**Data supplied:**
Lemma maxexp_of_In n k l : In l (tuples n k) -> In k l -> maxexp l = k.
Proof.
  intros Hl Hkl. change (maxexp l) with (list_max l). apply Nat.le_antisymm.
  - apply list_max_le, Forall_forall. intros e He; eapply tuples_bounded; eauto.
  - apply (proj1 (Forall_forall _ l) (proj1 (list_max_le l _) (Nat.le_refl _)) k Hkl).
Qed.

Lemma top_count_ge_1 k l : In k l -> 1 <= top_count k l.
Proof.
  intro H. apply (count_occ_In Nat.eq_dec) in H. apply (le_INR 1); lia.
Qed.

Lemma pairs_nonneg m : 0 <= INR m * (INR m - 1).
Proof. destruct m as [|m]; [simpl; lra|]. rewrite S_INR. pose proof (pos_INR m). nra. Qed.

Lemma pairs_ge_2 m : (2 <= m)%nat -> 2 <= INR m * (INR m - 1).
Proof.
  intro H. assert (2 <= INR m) by (apply (le_INR 2) in H; simpl in H; lra). nra.
Qed.

Lemma count_bonferroni m : INR m - INR m * (INR m - 1) / 2 <= 1.
Proof.
  destruct m as [|[|m]]; [simpl; lra | simpl; lra|].
  rewrite !S_INR. pose proof (pos_INR m). nra.
Qed.

(* With a single top coordinate, S_n / 2^k - n k / 2^k - 1 = (T - n k) / 2^k,
   so the deviation event is a deviation of T. *)
Lemma dev_event_single n k eps l : eps > 0 -> top_count k l = 1 ->
  dev_event n k eps l -> 1 < (low_sum k l - INR n * INR k) ^ 2 / (eps * 2 ^ k) ^ 2.
Proof.
  intros He Hc Hd. unfold dev_event in Hd.
  assert (Hw : 0 < 2 ^ k) by (apply pow_lt; lra).
  rewrite (Ssum_split k), Hc in Hd.
  set (z := (low_sum k l - INR n * INR k) / 2 ^ k).
  replace ((1 * 2 ^ k + low_sum k l) / 2 ^ k - INR n * INR k / 2 ^ k - 1) with z in Hd
    by (unfold z; field; lra).
  replace ((low_sum k l - INR n * INR k) ^ 2 / (eps * 2 ^ k) ^ 2) with (z ^ 2 / eps ^ 2)
    by (unfold z; field; lra).
  assert (Hz : eps ^ 2 < z ^ 2) by (rewrite <- (pow2_abs z); nra).
  apply (Rmult_lt_reg_r (eps ^ 2)); [nra|]. unfold Rdiv; rewrite Rmult_assoc, Rinv_l; nra.
Qed.

(* Pointwise upper bound for the indicator of {X_n^* = 2^k} /\ deviation:
   Chebyshev when C = 1, and C (C - 1) >= 2 when C >= 2. *)
Lemma dev_indicator_bound n k eps l : (1 <= k)%nat -> eps > 0 ->
  (if Nat.eq_dec (maxexp l) k then if dev_event_dec n k eps l then 1 else 0 else 0)
  <= top_count k l * ((low_sum k l - INR n * INR k) ^ 2 / (eps * 2 ^ k) ^ 2)
     + top_count k l * (top_count k l - 1).
Proof.
  intros Hk He.
  assert (Hq : 0 <= (low_sum k l - INR n * INR k) ^ 2 / (eps * 2 ^ k) ^ 2).
  { apply Rmult_le_pos; [apply pow2_ge_0 | apply Rlt_le, Rinv_0_lt_compat].
    apply pow_lt, Rmult_lt_0_compat; [lra | apply pow_lt; lra]. }
  assert (Hp := pairs_nonneg (count_occ Nat.eq_dec l k)). fold (top_count k l) in Hp.
  assert (Hc0 : 0 <= top_count k l) by apply pos_INR.
  destruct (Nat.eq_dec (maxexp l) k) as [Hm|]; [destruct (dev_event_dec n k eps l) as [Hd|]|];
    [| nra | nra].
  assert (Hin : 1 <= top_count k l)
    by (apply top_count_ge_1; rewrite <- Hm; apply maxexp_In; lia).
  destruct (count_occ Nat.eq_dec l k) as [|[|m]] eqn:Hcount;
    unfold top_count in *; rewrite Hcount in *.
  - simpl in Hin; lra.
  - pose proof (dev_event_single n k eps l He ltac:(unfold top_count; now rewrite Hcount) Hd).
    change (INR 1) with 1. lra.
  - pose proof (pairs_ge_2 (S (S m)) ltac:(lia)). nra.
Qed.

Lemma top_indicator_lower n k l : In l (tuples n k) ->
  top_count k l - top_count k l * (top_count k l - 1) / 2
  <= if Nat.eq_dec (maxexp l) k then 1 else 0.
Proof.
  intro Hl. destruct (Nat.eq_dec (maxexp l) k) as [Hm|Hm].
  - apply count_bonferroni.
  - assert (Hout : ~ In k l) by (intro Hin; apply Hm, (maxexp_of_In n k l Hl Hin)).
    apply (count_occ_not_In Nat.eq_dec) in Hout.
    unfold top_count; rewrite Hout; simpl; lra.
Qed.

(* k^2 <= 2^(k+1), to absorb the squared mean of T. *)
Lemma sq_le_pow2 k : INR k ^ 2 <= 2 * 2 ^ k.
Proof.
  induction k as [|k IH]; [simpl; lra|].
  destruct k as [|[|[|k]]]; [simpl; lra | simpl; lra | simpl; lra|].
  rewrite (S_INR (S (S (S k)))).
  change (2 ^ S (S (S (S k)))) with (2 * 2 ^ S (S (S k))).
  assert (3 <= INR (S (S (S k)))) by (rewrite !S_INR; pose proof (pos_INR k); lra).
  nra.
Qed.

(* The bound of [E_low_sum_sq] at a = n k, with n - 1 coordinates, is <= 7 n 2^k. *)
Lemma low_sum_moment_arith n k w : 1 <= n <= w -> 1 <= k -> k ^ 2 <= 2 * w ->
  (n - 1) * (w - 2) + ((n - 1) * (k - 1) - n * k) ^ 2 <= 7 * n * w.
Proof.
  intros Hn Hk Hkw.
  replace (((n - 1) * (k - 1) - n * k) ^ 2) with ((n + k - 1) ^ 2) by ring.
  assert ((n + k - 1) ^ 2 <= 2 * n ^ 2 + 2 * k ^ 2) by (pose proof (pow2_ge_0 (n - k)); nra).
  nra.
Qed.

**Assignment:**
The required output is each line from the one with "[| nra | nra]." through the end of the material above, repeated exactly with both ends included.

**Response area:**
    [| nra | nra].
  assert (Hin : 1 <= top_count k l)
    by (apply top_count_ge_1; rewrite <- Hm; apply maxexp_In; lia).
  destruct (count_occ Nat.eq_dec l k) as [|[|m]] eqn:Hcount;
    unfold top_count in *; rewrite Hcount in *.
  - simpl in Hin; lra.
  - pose proof (dev_event_single n k eps l He ltac:(unfold top_count; now rewrite Hcount) Hd).
    change (INR 1) with 1. lra.
  - pose proof (pairs_ge_2 (S (S m)) ltac:(lia)). nra.
Qed.

Lemma top_indicator_lower n k l : In l (tuples n k) ->
  top_count k l - top_count k l * (top_count k l - 1) / 2
  <= if Nat.eq_dec (maxexp l) k then 1 else 0.
Proof.
  intro Hl. destruct (Nat.eq_dec (maxexp l) k) as [Hm|Hm].
  - apply count_bonferroni.
  - assert (Hout : ~ In k l) by (intro Hin; apply Hm, (maxexp_of_In n k l Hl Hin)).
    apply (count_occ_not_In Nat.eq_dec) in Hout.
    unfold top_count; rewrite Hout; simpl; lra.
Qed.

(* k^2 <= 2^(k+1), to absorb the squared mean of T. *)
Lemma sq_le_pow2 k : INR k ^ 2 <= 2 * 2 ^ k.
Proof.
  induction k as [|k IH]; [simpl; lra|].
  destruct k as [|[|[|k]]]; [simpl; lra | simpl; lra | simpl; lra|].
  rewrite (S_INR (S (S (S k)))).
  change (2 ^ S (S (S (S k)))) with (2 * 2 ^ S (S (S k))).
  assert (3 <= INR (S (S (S k)))) by (rewrite !S_INR; pose proof (pos_INR k); lra).
  nra.
Qed.

(* The bound of [E_low_sum_sq] at a = n k, with n - 1 coordinates, is <= 7 n 2^k. *)
Lemma low_sum_moment_arith n k w : 1 <= n <= w -> 1 <= k -> k ^ 2 <= 2 * w ->
  (n - 1) * (w - 2) + ((n - 1) * (k - 1) - n * k) ^ 2 <= 7 * n * w.
Proof.
  intros Hn Hk Hkw.
  replace (((n - 1) * (k - 1) - n * k) ^ 2) with ((n + k - 1) ^ 2) by ring.
  assert ((n + k - 1) ^ 2 <= 2 * n ^ 2 + 2 * k ^ 2) by (pose proof (pow2_ge_0 (n - k)); nra).
  nra.
Qed.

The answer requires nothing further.